**What you need to do**
Return exactly the lines of the records below, starting at the line that contains "Let nPG : G \subset 'N(P)." and ending at the line that contains "suff: <[u]> \subset", with both of those lines kept.

== == ==

(* Let $n>1$ be an odd integer with prime decomposition $n=p_1^{n_1}\cdots p_m^{n_m}$, let $A$ be a finite abelian group, and let $G$ be a group containing $A$ as a normal subgroup with $G/A\cong\mathbb{Z}_n$. If $[e]_\varphi$ is a subgroup of $G$ for every $\varphi\in{\rm Aut}\,G$, then $G$ is nilpotent of nilpotency class at most $\max\{n_1,\dots,n_m\}+1$.
   Context: For an automorphism $\varphi$ of $G$, $[e]_\varphi=\{z^{-1}\varphi(z)\mid z\in G\}$. A group has nilpotency class at most $c$ if $\gamma_{c+1}(G)=\{e\}$, where $\gamma_1(G)=G$, $\gamma_{k+1}(G)=[\gamma_k(G),G]$. *)

From HB Require Import structures.
From mathcomp Require Import all_boot all_order all_algebra all_fingroup all_solvable.
Set Implicit Arguments. Unset Strict Implicit. Unset Printing Implicit Defensive.
Local Open Scope group_scope.

Definition e_class (gT : finGroupType) (G : {set gT}) (phi : {perm gT}) : {set gT} :=
  [set z^-1 * phi z | z in G].

From HB Require Import structures.
From mathcomp Require Import all_boot all_order all_algebra all_fingroup all_solvable.

Set Implicit Arguments.
Unset Strict Implicit.
Unset Printing Implicit Defensive.

Local Open Scope group_scope.

(* Write G = A<[g]> and tau x = [~ x, g], an endomorphism of the abelian group
   A commuting with conjugation by g. The lower central series satisfies
   'L_(k+2)(G) <= tau^(k+1)(A), so it is enough that tau^(m+1) kills A, and by
   splitting into primary components, that it kills each p-element w of A.
   Applied to the inner automorphism induced by w, the hypothesis makes
   S w = [set [~ z, w] | z in G] a p-group, normalized by G, of order dividing
   #|G : A|. Since tau is not injective on S w when S w <> 1, and
   S (tau w) <= tau @: S w, each application of tau divides #|S w| by at
   least p until S w = 1, where tau w = 1. *)

Lemma pnat_leq_pexp p a j : prime p -> p.-nat a -> a < p ^ j.+1 -> a <= p ^ j.
Proof.
move=> p_pr /p_natP[k ->]; have p_gt1 := prime_gt1 p_pr.
by rewrite ltn_exp2l // ltnS leq_exp2l.
Qed.

Lemma p_elt_sub_ker (aT rT : finGroupType) (D : {group aT})
    (f : {morphism D >-> rT}) :
  (forall p x, prime p -> x \in D -> p.-elt x -> f x = 1) -> D \subset 'ker f.
Proof.
move=> f_p_elt; apply/subsetP=> x Dx.
rewrite -(prod_constt x) group_prod // => p _.
have Dx_p : x.`_p \in D by rewrite (subsetP _ _ (cycle_constt p x)) ?cycle_subG.
have [p_pr | p_npr] := boolP (prime p).
  by apply/(kerP f Dx_p); apply: (f_p_elt p) => //; apply: p_elt_constt.
suff -> : x.`_p = 1 by apply: group1.
apply/constt1P/pnatP=> [|q q_pr _]; first exact: order_gt0.
by rewrite !inE; apply: contraNneq p_npr => <-.
Qed.

Lemma e_class_conj_aut (gT : finGroupType) (G : {group gT}) w :
  w \in G -> e_class G (conj_aut G w) = [set [~ z, w] | z in G].
Proof.
move=> Gw; apply: eq_in_imset => z Gz.
by rewrite norm_conj_autE ?commgEl ?(subsetP (normG G)).
Qed.

Lemma cyclic_quotient_mulg_cycle (gT : finGroupType) (G A : {group gT}) :
  A <| G -> cyclic (G / A) -> exists2 g, g \in G & A * <[g]> = G.
Proof.
move=> nsAG /cyclicP[X defGA].
have /morphimP[g Ng Gg defX] : X \in G / A by rewrite defGA cycle_id.
exists g => //; rewrite -(quotientGK nsAG) defGA defX -quotient_cycle //.
by rewrite quotientK ?cycle_subG.
Qed.

Section CommutatorWithGenerator.

Variables (gT : finGroupType) (G A : {group gT}) (g : gT).
Hypotheses (cAA : abelian A) (nAg : g \in 'N(A)) (defG : A * <[g]> = G).

Let tau x := [~ x, g].

Lemma commg_gen_in x : x \in A -> tau x \in A.
Proof. by move=> Ax; rewrite /tau commgEl groupM ?groupV ?memJ_norm. Qed.

Lemma commg_genM : {in A &, {morph tau : x y / x * y}}.
Proof.
move=> x y Ax Ay; rewrite /tau commMgJ; congr (_ * _).
by apply/conjg_fixP/commgP; apply: (centsP cAA); rewrite ?commg_gen_in.
Qed.

Lemma iter_commg_gen_in k x : x \in A -> iter k tau x \in A.
Proof. by elim: k => //= k IHk Ax; rewrite commg_gen_in ?IHk. Qed.

Lemma iter_commg_genM k : {in A &, {morph iter k tau : x y / x * y}}.
Proof.
elim: k => //= k IHk x y Ax Ay.
by rewrite IHk ?commg_genM ?iter_commg_gen_in.
Qed.

Lemma iter_commg_genJ k i x : iter k tau (x ^ g ^+ i) = iter k tau x ^ g ^+ i.
Proof.
elim: k => //= k ->; rewrite /tau conjRg; congr [~ _, _].
by apply/esym/conjg_fixP/commgP/commuteX.
Qed.

Let tau_ k : {morphism A >-> gT} := Morphism (@iter_commg_genM k).
Let T k := (tau_ k @* A)%G.

Lemma mem_iter_commg_gen k y :
  reflect (exists2 x, x \in A & y = iter k tau x) (y \in T k).
Proof. by rewrite /= morphimEdom; apply: (iffP imsetP). Qed.

Lemma iter_commg_gen_sub k : T k \subset A.
Proof.
by apply/subsetP=> _ /mem_iter_commg_gen[x Ax ->]; apply: iter_commg_gen_in.
Qed.

Lemma conj_iter_commg_gen k i x : x \in T k -> x ^ g ^+ i \in T k.
Proof.
case/mem_iter_commg_gen=> a Aa ->; apply/mem_iter_commg_gen.
by exists (a ^ g ^+ i); rewrite ?iter_commg_genJ // memJ_norm ?groupX.
Qed.

Lemma commg_expg_iter_commg_gen k i x : x \in T k -> [~ x, g ^+ i] \in T k.+1.
Proof.
move=> Tx; elim: i => [|i IHi]; first by rewrite commg1 group1.
rewrite expgS commgMJ groupM ?conj_iter_commg_gen //.
by case/mem_iter_commg_gen: Tx => a Aa ->; apply/mem_iter_commg_gen; exists a.
Qed.

Let sAG : A \subset G. Proof. by rewrite -defG mulG_subl. Qed.

Let Gg : g \in G.
Proof. by rewrite -defG (subsetP (mulG_subr _ _)) ?cycle_id. Qed.

Let nsAG : A <| G.
Proof. by rewrite /normal sAG -defG mul_subG ?normG ?cycle_subG. Qed.

Lemma commg_iter_commg_gen k x z : x \in T k -> z \in G -> [~ x, z] \in T k.+1.
Proof.
move=> Tx; rewrite -defG => /mulsgP[a y Aa /cycleP[i ->] ->].
have /commgP/eqP cxa : commute x a.
  by apply: (centsP cAA) => //; apply: (subsetP (iter_commg_gen_sub k)).
by rewrite commgMJ cxa conj1g mulg1 commg_expg_iter_commg_gen.
Qed.

Lemma commg_sub_iter_commg_gen k (H : {set gT}) :
  H \subset T k -> [~: H, G] \subset T k.+1.
Proof.
move=> sHT; rewrite gen_subG; apply/subsetP=> _ /imset2P[x z Hx Gz ->].
by rewrite commg_iter_commg_gen ?(subsetP sHT).
Qed.

Lemma der1_sub_commg_gen : G^`(1) \subset T 1.
Proof.
have TA0 a : a \in A -> a \in T 0.
  by move=> Aa; apply/mem_iter_commg_gen; exists a.
rewrite gen_subG; apply/subsetP=> _ /imset2P[z1 z2 + Gz2 ->].
rewrite -defG => /mulsgP[a y1 Aa /cycleP[i ->] ->].
rewrite commMgJ groupM //.
  by rewrite conj_iter_commg_gen // commg_iter_commg_gen ?TA0.
move: Gz2; rewrite -defG => /mulsgP[b y2 Ab /cycleP[j ->] ->].
rewrite commgMJ; have /commgP/eqP-> := commuteX2 i j (commute_refl g).
rewrite mul1g -invg_comm conj_iter_commg_gen ?groupV //.
by rewrite commg_expg_iter_commg_gen ?TA0.
Qed.

Lemma lcn_sub_iter_commg_gen k : 'L_k.+2(G) \subset T k.+1.
Proof.
elim: k => [|k IHk]; first exact: der1_sub_commg_gen.
by rewrite lcnSn commg_sub_iter_commg_gen.
Qed.

Lemma commg_genV x : x \in A -> tau x^-1 = (tau x)^-1.
Proof.
move=> Ax; apply/eqP; rewrite eq_sym eq_invg_mul -commg_genM ?groupV //.
by rewrite mulgV /tau comm1g.
Qed.

Lemma commg_expg_commg_gen i w :
  w \in A -> [~ g ^+ i, tau w] = tau [~ g ^+ i, w].
Proof.
move=> Aw; rewrite !commgEr commg_genM ?memJ_norm ?groupV ?groupX //.
by rewrite -commg_genV //; congr (_ * _); apply: esym (iter_commg_genJ 1 i _).
Qed.

Let S w := [set [~ z, w] | z in G].

Lemma card_commg_class w : #|S w| = #|G : 'C_G[w]|.
Proof.
have -> : S w = [set x^-1 * w | x in w ^: G].
  rewrite /class -imset_comp; apply: eq_imset => z /=.
  by rewrite commgEr conjVg.
by rewrite index_cent1 card_in_imset // => x1 x2 _ _ /mulIg/invg_inj.
Qed.

Lemma card_commg_class_dvd w : w \in A -> #|S w| %| #|G : A|.
Proof.
move=> Aw; rewrite card_commg_class indexgS //.
by rewrite subsetI sAG sub_cent1 (subsetP cAA).
Qed.

Lemma commg_gen_eq1 w : #|S w| <= 1 -> tau w = 1.
Proof.
move/card_le1_eqP=> S_le1.
rewrite /tau -invg_comm (S_le1 _ _ (imset_f _ (group1 G)) (imset_f _ Gg)).
by rewrite comm1g invg1.
Qed.

Lemma commg_class_commg_gen_sub w : w \in A -> S (tau w) \subset tau @: S w.
Proof.
move=> Aw; apply/subsetP=> _ /imsetP[z + ->].
rewrite -defG => /mulsgP[a y Aa /cycleP[i ->] ->].
have /commgP/eqP cAtau : commute a (tau w).
  by apply: (centsP cAA); rewrite ?commg_gen_in.
rewrite commMgJ cAtau conj1g mul1g commg_expg_commg_gen //.
by apply: imset_f; apply: imset_f; apply: groupX.
Qed.

Lemma card_commg_class_commg_gen_le w : w \in A -> #|S (tau w)| <= #|S w|.
Proof.
move=> Aw; apply: leq_trans (leq_imset_card tau (S w)).
exact: subset_leq_card (commg_class_commg_gen_sub Aw).
Qed.

Hypothesis groupS : {in A, forall w, group_set (S w)}.

Lemma norm_commg_class w : w \in A -> G \subset 'N(S w).
Proof.
move=> Aw; pose SG := Group (groupS Aw).
apply/normsP=> v Gv; apply/eqP; rewrite eqEcard cardJg leqnn andbT.
apply/subsetP=> _ /imsetP[_ /imsetP[z Gz ->] ->].
have -> : [~ z, w] ^ v = [~ z * v, w] * [~ v, w]^-1.
  by rewrite commMgJ mulgK.
by rewrite (@groupM _ SG) ?(@groupV _ SG) //; apply: imset_f; rewrite ?groupM.
Qed.

Lemma expg_card_commg_class_cent w : w \in A -> g ^+ #|S w| \in 'C[w].
Proof.
move=> Aw; set C := 'C_G[w].
have sAC : A \subset C by rewrite subsetI sAG sub_cent1 (subsetP cAA).
have sG'A : G^`(1) \subset A.
  exact: subset_trans der1_sub_commg_gen (iter_commg_gen_sub 1).
have nCG : G \subset 'N(C).
  exact: normal_norm (sub_der1_normal (subset_trans sG'A sAC) (subsetIl _ _)).
have := expg_cardG (mem_quotient C Gg).
rewrite card_quotient // -morphX ?(subsetP nCG) // -card_commg_class.
by move/coset_idr; rewrite groupX ?(subsetP nCG) // => /(_ isT)/setIP[].
Qed.

Section PrimeComponent.

Variable p : nat.
Hypothesis p_pr : prime p.

Let P := 'O_p(A).

Let nPG : G \subset 'N(P).
Proof. exact: normal_norm (char_normal_trans (pcore_char p A) nsAG). Qed.

Let sPA : P \subset A. Proof. exact: pcore_sub. Qed.

Lemma commg_gen_pcore w : w \in P -> tau w \in P.
Proof.
by move=> Pw; rewrite /tau commgEl groupM ?groupV ?memJ_norm ?(subsetP nPG).
Qed.

Lemma commg_class_sub_pcore w : w \in P -> S w \subset P.
Proof.
move=> Pw; apply/subsetP=> _ /imsetP[z Gz ->].
by rewrite commgEr groupM ?memJ_norm ?groupV ?(subsetP nPG).
Qed.

Lemma pnat_card_commg_class w : w \in P -> p.-nat #|S w|.
Proof.
move=> Pw; change (p.-group (Group (groupS (subsetP sPA w Pw)))).
by apply: pgroupS (pcore_pgroup p A); apply: commg_class_sub_pcore.
Qed.

Lemma p'_constt_cent_pcore w : w \in P -> g.`_p^' \in 'C[w].
Proof.
move=> Pw; set u := g.`_p^'; set k := #|S w|.
have cop_uk : coprime #[u] k.
  by rewrite (pnat_coprime (p_elt_constt _ g)) // pnatNK pnat_card_commg_class.
have /cycleP[i def_u] : u \in <[g]> := cycle_constt p^' g.
have uk_cw : u ^+ k \in 'C[w].
  rewrite def_u -expgM mulnC expgM groupX //.
  by rewrite expg_card_commg_class_cent ?(subsetP sPA).
suff: <[u]> \subset 'C[w] by rewrite cycle_subG.
have /eqP-> : generator <[u]> (u ^+ k) by rewrite generator_coprime.
by rewrite cycle_subG.
Qed.

(* The p-part of g fixes a nontrivial point of the p-group S w (orbit count
   mod p), and the p'-part of g centralizes every p-element of A. *)
Lemma commg_class_cent_gen w : w \in P -> 1 < #|S w| ->
  exists2 s, s \in S w :\ 1 & tau s = 1.
Proof.
move=> Pw S_gt1; have Aw := subsetP sPA w Pw; set gp := g.`_p.
have pgp : p.-group <[gp]> by rewrite /pgroup -orderE; apply: p_elt_constt.
have Ggp : gp \in G by rewrite (subsetP _ _ (cycle_constt p g)) ?cycle_subG.
have actsJ : [acts <[gp]>, on S w | 'J].
  by rewrite astabsJ cycle_subG (subsetP (norm_commg_class Aw)).
set F := 'Fix_(S w | 'J)(<[gp]>).
have p_dvd_F : p %| #|F|.
  have [k def_k] := p_natP (pnat_card_commg_class Pw).
  have k_gt0 : 0 < k by case: k def_k S_gt1 => // ->.
  rewrite /dvdn -(pgroup_fix_mod pgp actsJ) def_k.
  by rewrite -/(dvdn p (p ^ k)) dvdn_exp.
have F1 : 1 \in F.
  apply/setIP; split; last by rewrite afixJ group1.
  by rewrite -(comm1g w); apply: imset_f.
have /subsetPn[s /setIP[Ss] + s_neq1] : ~~ (F \subset [set 1]).
  apply/negP=> /subset_leq_card; rewrite cards1; apply/negP; rewrite -ltnNge.
  apply: leq_trans (prime_gt1 p_pr) (dvdn_leq _ p_dvd_F).
  by apply/card_gt0P; exists 1.
rewrite afixJ cent_cycle => cs_gp.
exists s; first by rewrite !inE -in_set1 s_neq1.
have Ps : s \in P := subsetP (commg_class_sub_pcore Pw) s Ss.
have cs_g : g \in 'C[s].
  by rewrite -(consttC p g) groupM ?p'_constt_cent_pcore // cent1C.
by apply/eqP/commgP/cent1P; rewrite cent1C.
Qed.

Lemma card_commg_class_commg_gen_lt w :
  w \in P -> 1 < #|S w| -> #|S (tau w)| < #|S w|.
Proof.
move=> Pw S_gt1; have Aw := subsetP sPA w Pw.
have [s /setD1P[s_neq1 Ss] taus1] := commg_class_cent_gen Pw S_gt1.
apply: leq_ltn_trans (subset_leq_card (commg_class_commg_gen_sub Aw)) _.
rewrite ltn_neqAle leq_imset_card andbT.
apply: contra s_neq1 => /imset_injP inj_tau.
have S1 : 1 \in S w by rewrite -(comm1g w); apply: imset_f.
by apply/eqP/inj_tau; rewrite // taus1 /tau comm1g.
Qed.

Lemma iter_commg_gen_pcore j w :
  w \in P -> #|S w| <= p ^ j -> iter j.+1 tau w = 1.
Proof.
elim: j w => [|j IHj] w Pw S_le; first exact: commg_gen_eq1.
rewrite iterSr; apply: IHj; first exact: commg_gen_pcore.
have [S_gt1 | S_le1] := ltnP 1 #|S w|.
  apply: pnat_leq_pexp => //; first exact/pnat_card_commg_class/commg_gen_pcore.
  exact: leq_trans (card_commg_class_commg_gen_lt Pw S_gt1) S_le.
apply: leq_trans (card_commg_class_commg_gen_le (subsetP sPA w Pw)) _.
by apply: leq_trans S_le1 _; rewrite expn_gt0 prime_gt0.
Qed.

Lemma iter_commg_gen_pcore_logn m w :
  logn p #|G : A| <= m -> w \in P -> iter m.+1 tau w = 1.
Proof.
move=> le_m Pw; have Aw := subsetP sPA w Pw; set l := logn p #|G : A|.
have -> : m.+1 = (m - l) + l.+1 by rewrite addnS subnK.
rewrite iterD iter_commg_gen_pcore //; first exact: (morph1 (tau_ _)).
rewrite -p_part -(part_pnat_id (pnat_card_commg_class Pw)).
by rewrite dvdn_leq ?part_gt0 // partn_dvd ?indexg_gt0 ?card_commg_class_dvd.
Qed.

End PrimeComponent.

Theorem lcn_commg_gen_trivial m :
  (forall p, prime p -> logn p #|G : A| <= m) -> 'L_m.+2(G) = 1.
Proof.
move=> le_m; have kerA : A \subset 'ker (tau_ m.+1).
  apply: p_elt_sub_ker => p x p_pr Ax p_x.
  apply: (iter_commg_gen_pcore_logn p_pr (le_m p p_pr)).
  have HallP := nilpotent_pcore_Hall p (abelian_nil cAA).
  by rewrite (mem_normal_Hall HallP) ?pcore_normal.
apply/trivgP; apply: subset_trans (lcn_sub_iter_commg_gen m) _.
by rewrite -(morphim_ker (tau_ m.+1)) morphimS.
Qed.

End CommutatorWithGenerator.

Theorem mainTheorem13 (n : nat) (gT : finGroupType) (G A : {group gT}) :
  1 < n -> odd n ->
  abelian A -> A <| G -> (G / A) \isog (Zp n) ->
  (forall phi : {perm gT}, phi \in Aut G -> group_set (e_class G phi)) ->
  'L_((\max_(p <- primes n) logn p n).+2)(G) = 1.
Proof.
move=> n_gt1 _ cAA nsAG isoGA e_class_group.
have [sAG nAG] := andP nsAG.
have cycGA : cyclic (G / A).
  rewrite (isog_cyclic isoGA) /= /Zp ifT //.
  by apply/cyclicP; exists Zp1; apply: Zp_cycle.
have [g Gg defG] := cyclic_quotient_mulg_cycle nsAG cycGA.
apply: (lcn_commg_gen_trivial cAA (subsetP nAG g Gg) defG) => [w Aw | p _].
  have Gw := subsetP sAG w Aw.
  rewrite -e_class_conj_aut //; apply: e_class_group.
  by rewrite (subsetP (Aut_conj_aut G G)) ?mem_morphim ?(subsetP (normG G)).
have -> : #|G : A| = n.
  by rewrite -card_quotient // (card_isog isoGA) card_Zp //; apply: ltnW.
have [p_n | p_n] := boolP (p \in primes n); first exact: leq_bigmax_seq.
by move: p_n; rewrite -logn_gt0 -leqNgt leqn0 => /eqP->.
Qed.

== == ==

**Written response**
Let nPG : G \subset 'N(P).
Proof. exact: normal_norm (char_normal_trans (pcore_char p A) nsAG). Qed.

Let sPA : P \subset A. Proof. exact: pcore_sub. Qed.

Lemma commg_gen_pcore w : w \in P -> tau w \in P.
Proof.
by move=> Pw; rewrite /tau commgEl groupM ?groupV ?memJ_norm ?(subsetP nPG).
Qed.

Lemma commg_class_sub_pcore w : w \in P -> S w \subset P.
Proof.
move=> Pw; apply/subsetP=> _ /imsetP[z Gz ->].
by rewrite commgEr groupM ?memJ_norm ?groupV ?(subsetP nPG).
Qed.

Lemma pnat_card_commg_class w : w \in P -> p.-nat #|S w|.
Proof.
move=> Pw; change (p.-group (Group (groupS (subsetP sPA w Pw)))).
by apply: pgroupS (pcore_pgroup p A); apply: commg_class_sub_pcore.
Qed.

Lemma p'_constt_cent_pcore w : w \in P -> g.`_p^' \in 'C[w].
Proof.
move=> Pw; set u := g.`_p^'; set k := #|S w|.
have cop_uk : coprime #[u] k.
  by rewrite (pnat_coprime (p_elt_constt _ g)) // pnatNK pnat_card_commg_class.
have /cycleP[i def_u] : u \in <[g]> := cycle_constt p^' g.
have uk_cw : u ^+ k \in 'C[w].
  rewrite def_u -expgM mulnC expgM groupX //.
  by rewrite expg_card_commg_class_cent ?(subsetP sPA).
suff: <[u]> \subset 'C[w] by rewrite cycle_subG.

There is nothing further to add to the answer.